» TASK DIRECTIONS:
The reply should contain each record below, returned exactly as given.

» DATA PROVIDED:
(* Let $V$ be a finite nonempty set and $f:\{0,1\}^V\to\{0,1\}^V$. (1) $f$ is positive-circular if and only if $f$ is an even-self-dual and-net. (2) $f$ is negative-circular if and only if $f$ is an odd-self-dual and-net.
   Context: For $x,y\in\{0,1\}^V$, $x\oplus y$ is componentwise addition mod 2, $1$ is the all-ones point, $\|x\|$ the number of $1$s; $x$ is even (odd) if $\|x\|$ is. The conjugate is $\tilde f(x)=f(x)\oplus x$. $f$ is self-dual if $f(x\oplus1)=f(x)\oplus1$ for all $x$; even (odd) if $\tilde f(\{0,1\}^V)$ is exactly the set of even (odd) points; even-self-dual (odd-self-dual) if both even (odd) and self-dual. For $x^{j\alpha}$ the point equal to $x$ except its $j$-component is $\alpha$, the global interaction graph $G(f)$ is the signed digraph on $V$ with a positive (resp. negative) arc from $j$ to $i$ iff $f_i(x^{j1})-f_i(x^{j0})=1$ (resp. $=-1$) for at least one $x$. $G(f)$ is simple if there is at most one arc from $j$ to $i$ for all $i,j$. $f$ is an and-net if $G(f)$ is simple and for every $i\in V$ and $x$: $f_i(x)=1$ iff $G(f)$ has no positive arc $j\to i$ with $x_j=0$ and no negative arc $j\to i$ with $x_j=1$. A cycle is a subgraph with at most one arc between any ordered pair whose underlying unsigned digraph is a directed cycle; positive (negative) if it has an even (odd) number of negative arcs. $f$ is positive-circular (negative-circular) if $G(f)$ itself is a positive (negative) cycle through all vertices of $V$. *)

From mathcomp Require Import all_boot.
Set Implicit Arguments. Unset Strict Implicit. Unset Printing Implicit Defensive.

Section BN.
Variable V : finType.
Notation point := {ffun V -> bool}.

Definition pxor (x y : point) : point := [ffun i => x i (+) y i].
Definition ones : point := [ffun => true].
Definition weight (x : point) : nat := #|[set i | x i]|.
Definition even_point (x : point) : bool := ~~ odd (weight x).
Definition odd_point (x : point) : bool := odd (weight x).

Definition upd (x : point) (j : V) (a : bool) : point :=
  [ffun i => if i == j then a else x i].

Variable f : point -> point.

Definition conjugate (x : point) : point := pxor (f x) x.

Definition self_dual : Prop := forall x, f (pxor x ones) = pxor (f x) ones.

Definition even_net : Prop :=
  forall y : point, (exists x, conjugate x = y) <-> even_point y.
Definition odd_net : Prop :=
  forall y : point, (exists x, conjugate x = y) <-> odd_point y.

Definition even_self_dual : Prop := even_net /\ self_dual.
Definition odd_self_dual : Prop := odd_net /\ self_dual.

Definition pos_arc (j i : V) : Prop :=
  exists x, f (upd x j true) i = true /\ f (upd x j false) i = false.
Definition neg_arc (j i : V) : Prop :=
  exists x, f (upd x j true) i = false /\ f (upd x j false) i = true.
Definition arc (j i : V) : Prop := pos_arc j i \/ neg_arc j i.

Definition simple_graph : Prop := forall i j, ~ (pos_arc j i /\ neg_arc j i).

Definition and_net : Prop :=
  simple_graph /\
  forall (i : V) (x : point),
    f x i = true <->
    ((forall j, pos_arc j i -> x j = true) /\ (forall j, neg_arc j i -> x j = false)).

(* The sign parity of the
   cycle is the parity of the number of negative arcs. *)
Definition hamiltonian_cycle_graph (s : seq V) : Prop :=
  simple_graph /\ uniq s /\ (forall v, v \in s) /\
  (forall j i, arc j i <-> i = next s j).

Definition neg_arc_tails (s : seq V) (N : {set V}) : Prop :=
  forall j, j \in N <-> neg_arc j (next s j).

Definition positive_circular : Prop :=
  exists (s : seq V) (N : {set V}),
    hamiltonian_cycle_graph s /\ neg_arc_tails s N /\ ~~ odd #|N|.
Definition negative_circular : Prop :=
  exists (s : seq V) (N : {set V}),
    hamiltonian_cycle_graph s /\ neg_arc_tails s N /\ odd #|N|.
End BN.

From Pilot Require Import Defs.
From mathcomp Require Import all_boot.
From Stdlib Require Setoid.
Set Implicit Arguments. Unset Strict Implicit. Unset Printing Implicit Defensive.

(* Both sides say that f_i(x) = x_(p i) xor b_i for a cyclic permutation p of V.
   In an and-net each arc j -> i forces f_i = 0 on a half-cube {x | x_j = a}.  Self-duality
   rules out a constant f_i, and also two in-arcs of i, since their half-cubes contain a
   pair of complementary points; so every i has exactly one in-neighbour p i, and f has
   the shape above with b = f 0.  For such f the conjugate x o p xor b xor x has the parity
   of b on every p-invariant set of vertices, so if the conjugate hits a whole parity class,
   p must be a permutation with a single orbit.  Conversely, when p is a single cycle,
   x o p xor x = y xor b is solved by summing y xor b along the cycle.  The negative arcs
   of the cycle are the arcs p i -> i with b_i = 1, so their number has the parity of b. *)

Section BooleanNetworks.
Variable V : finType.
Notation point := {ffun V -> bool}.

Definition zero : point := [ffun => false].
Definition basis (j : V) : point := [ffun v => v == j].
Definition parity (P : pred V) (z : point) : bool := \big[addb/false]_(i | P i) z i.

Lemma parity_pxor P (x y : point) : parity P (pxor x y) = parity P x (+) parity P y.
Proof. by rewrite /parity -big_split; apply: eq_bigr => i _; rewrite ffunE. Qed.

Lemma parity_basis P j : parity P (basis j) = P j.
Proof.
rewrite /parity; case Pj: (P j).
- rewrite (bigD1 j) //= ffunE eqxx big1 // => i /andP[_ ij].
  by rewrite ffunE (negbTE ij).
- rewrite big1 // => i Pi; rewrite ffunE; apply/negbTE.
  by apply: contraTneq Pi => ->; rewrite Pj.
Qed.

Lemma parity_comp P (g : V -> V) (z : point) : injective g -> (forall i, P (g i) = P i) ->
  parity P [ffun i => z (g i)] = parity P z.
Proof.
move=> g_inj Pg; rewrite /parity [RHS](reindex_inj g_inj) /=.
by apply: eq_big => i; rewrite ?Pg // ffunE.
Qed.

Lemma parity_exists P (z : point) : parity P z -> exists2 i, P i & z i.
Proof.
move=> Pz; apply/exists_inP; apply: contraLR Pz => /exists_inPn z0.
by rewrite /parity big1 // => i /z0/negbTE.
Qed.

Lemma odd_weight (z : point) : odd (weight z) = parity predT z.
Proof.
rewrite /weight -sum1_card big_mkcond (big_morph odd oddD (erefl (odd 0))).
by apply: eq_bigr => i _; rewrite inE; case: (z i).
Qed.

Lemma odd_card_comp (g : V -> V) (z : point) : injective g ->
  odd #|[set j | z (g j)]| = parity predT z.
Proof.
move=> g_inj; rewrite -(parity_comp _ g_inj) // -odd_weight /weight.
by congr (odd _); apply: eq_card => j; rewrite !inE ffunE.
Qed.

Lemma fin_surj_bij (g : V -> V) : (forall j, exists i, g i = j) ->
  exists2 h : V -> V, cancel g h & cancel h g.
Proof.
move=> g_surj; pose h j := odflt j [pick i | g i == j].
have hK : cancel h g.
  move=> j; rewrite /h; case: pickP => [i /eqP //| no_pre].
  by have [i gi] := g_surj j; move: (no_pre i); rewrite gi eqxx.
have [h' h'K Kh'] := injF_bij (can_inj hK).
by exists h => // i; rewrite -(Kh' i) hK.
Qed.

» RESULT OF THE TASK:
(* Let $V$ be a finite nonempty set and $f:\{0,1\}^V\to\{0,1\}^V$. (1) $f$ is positive-circular if and only if $f$ is an even-self-dual and-net. (2) $f$ is negative-circular if and only if $f$ is an odd-self-dual and-net.
   Context: For $x,y\in\{0,1\}^V$, $x\oplus y$ is componentwise addition mod 2, $1$ is the all-ones point, $\|x\|$ the number of $1$s; $x$ is even (odd) if $\|x\|$ is. The conjugate is $\tilde f(x)=f(x)\oplus x$. $f$ is self-dual if $f(x\oplus1)=f(x)\oplus1$ for all $x$; even (odd) if $\tilde f(\{0,1\}^V)$ is exactly the set of even (odd) points; even-self-dual (odd-self-dual) if both even (odd) and self-dual. For $x^{j\alpha}$ the point equal to $x$ except its $j$-component is $\alpha$, the global interaction graph $G(f)$ is the signed digraph on $V$ with a positive (resp. negative) arc from $j$ to $i$ iff $f_i(x^{j1})-f_i(x^{j0})=1$ (resp. $=-1$) for at least one $x$. $G(f)$ is simple if there is at most one arc from $j$ to $i$ for all $i,j$. $f$ is an and-net if $G(f)$ is simple and for every $i\in V$ and $x$: $f_i(x)=1$ iff $G(f)$ has no positive arc $j\to i$ with $x_j=0$ and no negative arc $j\to i$ with $x_j=1$. A cycle is a subgraph with at most one arc between any ordered pair whose underlying unsigned digraph is a directed cycle; positive (negative) if it has an even (odd) number of negative arcs. $f$ is positive-circular (negative-circular) if $G(f)$ itself is a positive (negative) cycle through all vertices of $V$. *)

From mathcomp Require Import all_boot.
Set Implicit Arguments. Unset Strict Implicit. Unset Printing Implicit Defensive.

Section BN.
Variable V : finType.
Notation point := {ffun V -> bool}.

Definition pxor (x y : point) : point := [ffun i => x i (+) y i].
Definition ones : point := [ffun => true].
Definition weight (x : point) : nat := #|[set i | x i]|.
Definition even_point (x : point) : bool := ~~ odd (weight x).
Definition odd_point (x : point) : bool := odd (weight x).

Definition upd (x : point) (j : V) (a : bool) : point :=
  [ffun i => if i == j then a else x i].

Variable f : point -> point.

Definition conjugate (x : point) : point := pxor (f x) x.

Definition self_dual : Prop := forall x, f (pxor x ones) = pxor (f x) ones.

Definition even_net : Prop :=
  forall y : point, (exists x, conjugate x = y) <-> even_point y.
Definition odd_net : Prop :=
  forall y : point, (exists x, conjugate x = y) <-> odd_point y.

Definition even_self_dual : Prop := even_net /\ self_dual.
Definition odd_self_dual : Prop := odd_net /\ self_dual.

Definition pos_arc (j i : V) : Prop :=
  exists x, f (upd x j true) i = true /\ f (upd x j false) i = false.
Definition neg_arc (j i : V) : Prop :=
  exists x, f (upd x j true) i = false /\ f (upd x j false) i = true.
Definition arc (j i : V) : Prop := pos_arc j i \/ neg_arc j i.

Definition simple_graph : Prop := forall i j, ~ (pos_arc j i /\ neg_arc j i).

Definition and_net : Prop :=
  simple_graph /\
  forall (i : V) (x : point),
    f x i = true <->
    ((forall j, pos_arc j i -> x j = true) /\ (forall j, neg_arc j i -> x j = false)).

(* The sign parity of the
   cycle is the parity of the number of negative arcs. *)
Definition hamiltonian_cycle_graph (s : seq V) : Prop :=
  simple_graph /\ uniq s /\ (forall v, v \in s) /\
  (forall j i, arc j i <-> i = next s j).

Definition neg_arc_tails (s : seq V) (N : {set V}) : Prop :=
  forall j, j \in N <-> neg_arc j (next s j).

Definition positive_circular : Prop :=
  exists (s : seq V) (N : {set V}),
    hamiltonian_cycle_graph s /\ neg_arc_tails s N /\ ~~ odd #|N|.
Definition negative_circular : Prop :=
  exists (s : seq V) (N : {set V}),
    hamiltonian_cycle_graph s /\ neg_arc_tails s N /\ odd #|N|.
End BN.

From Pilot Require Import Defs.
From mathcomp Require Import all_boot.
From Stdlib Require Setoid.
Set Implicit Arguments. Unset Strict Implicit. Unset Printing Implicit Defensive.

(* Both sides say that f_i(x) = x_(p i) xor b_i for a cyclic permutation p of V.
   In an and-net each arc j -> i forces f_i = 0 on a half-cube {x | x_j = a}.  Self-duality
   rules out a constant f_i, and also two in-arcs of i, since their half-cubes contain a
   pair of complementary points; so every i has exactly one in-neighbour p i, and f has
   the shape above with b = f 0.  For such f the conjugate x o p xor b xor x has the parity
   of b on every p-invariant set of vertices, so if the conjugate hits a whole parity class,
   p must be a permutation with a single orbit.  Conversely, when p is a single cycle,
   x o p xor x = y xor b is solved by summing y xor b along the cycle.  The negative arcs
   of the cycle are the arcs p i -> i with b_i = 1, so their number has the parity of b. *)

Section BooleanNetworks.
Variable V : finType.
Notation point := {ffun V -> bool}.

Definition zero : point := [ffun => false].
Definition basis (j : V) : point := [ffun v => v == j].
Definition parity (P : pred V) (z : point) : bool := \big[addb/false]_(i | P i) z i.

Lemma parity_pxor P (x y : point) : parity P (pxor x y) = parity P x (+) parity P y.
Proof. by rewrite /parity -big_split; apply: eq_bigr => i _; rewrite ffunE. Qed.

Lemma parity_basis P j : parity P (basis j) = P j.
Proof.
rewrite /parity; case Pj: (P j).
- rewrite (bigD1 j) //= ffunE eqxx big1 // => i /andP[_ ij].
  by rewrite ffunE (negbTE ij).
- rewrite big1 // => i Pi; rewrite ffunE; apply/negbTE.
  by apply: contraTneq Pi => ->; rewrite Pj.
Qed.

Lemma parity_comp P (g : V -> V) (z : point) : injective g -> (forall i, P (g i) = P i) ->
  parity P [ffun i => z (g i)] = parity P z.
Proof.
move=> g_inj Pg; rewrite /parity [RHS](reindex_inj g_inj) /=.
by apply: eq_big => i; rewrite ?Pg // ffunE.
Qed.

Lemma parity_exists P (z : point) : parity P z -> exists2 i, P i & z i.
Proof.
move=> Pz; apply/exists_inP; apply: contraLR Pz => /exists_inPn z0.
by rewrite /parity big1 // => i /z0/negbTE.
Qed.

Lemma odd_weight (z : point) : odd (weight z) = parity predT z.
Proof.
rewrite /weight -sum1_card big_mkcond (big_morph odd oddD (erefl (odd 0))).
by apply: eq_bigr => i _; rewrite inE; case: (z i).
Qed.

Lemma odd_card_comp (g : V -> V) (z : point) : injective g ->
  odd #|[set j | z (g j)]| = parity predT z.
Proof.
move=> g_inj; rewrite -(parity_comp _ g_inj) // -odd_weight /weight.
by congr (odd _); apply: eq_card => j; rewrite !inE ffunE.
Qed.

Lemma fin_surj_bij (g : V -> V) : (forall j, exists i, g i = j) ->
  exists2 h : V -> V, cancel g h & cancel h g.
Proof.
move=> g_surj; pose h j := odflt j [pick i | g i == j].
have hK : cancel h g.
  move=> j; rewrite /h; case: pickP => [i /eqP //| no_pre].
  by have [i gi] := g_surj j; move: (no_pre i); rewrite gi eqxx.
have [h' h'K Kh'] := injF_bij (can_inj hK).
by exists h => // i; rewrite -(Kh' i) hK.
Qed.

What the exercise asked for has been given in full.